** Opening Data records block **
(* Let $1\le p_0,p_1\le\infty$, let $\varphi$ be an admissible function, and let $\mu$ be an arbitrary measure on a measure space $\mathcal M$. Then for every $\mu$-measurable function $f$ and every $t>0$, $$ \big(R_{p_0,p_1,\varphi}(f^*_\mu)\big)^{**}(t)=R_{p_0,p_1,\varphi}(f^{**}_\mu)(t). $$
   Context: A function $\varphi:[1,\infty]\to[1,\infty]$ is admissible if $\varphi(1)=1$, $\varphi$ is log-concave on $[1,\infty)$, and there exist $\gamma,\beta>0$ with $\gamma/x\le\varphi'(x)/\varphi(x)\le\beta/x$ for all $x\ge1$. For a $\mu$-measurable $f$, the distribution function is $\lambda^\mu_f(y)=\mu(\{x:|f(x)|>y\})$, the decreasing rearrangement is $f^*_\mu(t)=\inf\{y>0:\lambda^\mu_f(y)\le t\}$, and $f^{**}_\mu(t)=\frac1t\int_0^t f^*_\mu(s)\,ds$, $t>0$. For a measurable function $g$ on $(0,\infty)$ (Lebesgue measure), $g^*$ and $g^{**}(t)=\frac1t\int_0^t g^*(s)\,ds$ are defined in the same way. For a positive measurable function $g$ on $(0,\infty)$ and $t>0$ (with $1/\infty=0$): $P_{p_0,\varphi}g(t)=t^{-1/p_0}\int_0^t\varphi\big(1-\log\frac st\big)g(s)\,\frac{ds}{s^{1-1/p_0}}$, $Q_{p_1}g(t)=t^{-1/p_1}\int_t^\infty g(s)\,\frac{ds}{s^{1-1/p_1}}$, and $R_{p_0,p_1,\varphi}g=P_{p_0,\varphi}g+Q_{p_1}g$. *)

From HB Require Import structures.
From mathcomp Require Import all_boot all_order all_algebra.
From mathcomp Require Import all_classical all_reals all_analysis.
Set Implicit Arguments. Unset Strict Implicit. Unset Printing Implicit Defensive.
Import Order.TTheory GRing.Theory Num.Theory.
Import numFieldNormedType.Exports.
Local Open Scope classical_set_scope.
Local Open Scope ring_scope.

(* 1/p for p in [1, +oo], with the convention 1/oo = 0 *)
Definition invp {R : realType} (p : \bar R) : R :=
  match p with EFin r => r^-1 | _ => 0 end.

(* Admissible function phi : [1,oo) -> [1,oo) (phi(oo) is never used below).
   phi' at x = 1 is understood as a right derivative. *)
Definition admissible {R : realType} (phi : R -> R) : Prop :=
  phi 1 = 1 /\
  (forall x, 1 <= x -> 1 <= phi x) /\
  (forall x y l, 1 <= x -> 1 <= y -> 0 <= l <= 1 ->
     l * ln (phi x) + (1 - l) * ln (phi y) <= ln (phi (l * x + (1 - l) * y))) /\
  exists dphi : R -> R,
    (forall x : R, 1 < x -> is_derive x (1 : R) phi (dphi x)) /\
    ((fun h : R => h^-1 * (phi (1 + h) - phi 1)) @ (0:R)^'+ --> dphi 1) /\
    exists gamma beta : R, 0 < gamma /\ 0 < beta /\
      forall x, 1 <= x -> gamma / x <= dphi x / phi x <= beta / x.

Local Open Scope ereal_scope.

Definition distrib {d} {T : measurableType d} {R : realType}
  (mu : {measure set T -> \bar R}) (D : set T) (h : T -> \bar R) (y : R) : \bar R :=
  mu (D `&` [set x | y%:E < `|h x|]).

(* decreasing rearrangement: inf { y > 0 : distrib y <= t } (inf of empty set = +oo) *)
Definition rearr {d} {T : measurableType d} {R : realType}
  (mu : {measure set T -> \bar R}) (D : set T) (h : T -> \bar R) (t : R) : \bar R :=
  ereal_inf [set y%:E | y in [set y : R | (0 < y)%R /\ distrib mu D h y <= t%:E]].

Definition avg {R : realType} (gstar : R -> \bar R) (t : R) : \bar R :=
  (t^-1)%:E * \int[lebesgue_measure]_(s in `]0%R, t[) gstar s.

Definition fstar {d} {T : measurableType d} {R : realType}
  (mu : {measure set T -> \bar R}) (f : T -> R) : R -> \bar R :=
  rearr mu setT (EFin \o f).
** Closing Data records block **
**Exercise requirements**
Produce a verbatim copy of the lines from the one holding "T -> \bar R) (t" to the final line of the data, and nothing more.

**Answer box**
  (mu : {measure set T -> \bar R}) (D : set T) (h : T -> \bar R) (t : R) : \bar R :=
  ereal_inf [set y%:E | y in [set y : R | (0 < y)%R /\ distrib mu D h y <= t%:E]].

Definition avg {R : realType} (gstar : R -> \bar R) (t : R) : \bar R :=
  (t^-1)%:E * \int[lebesgue_measure]_(s in `]0%R, t[) gstar s.

Definition fstar {d} {T : measurableType d} {R : realType}
  (mu : {measure set T -> \bar R}) (f : T -> R) : R -> \bar R :=
  rearr mu setT (EFin \o f).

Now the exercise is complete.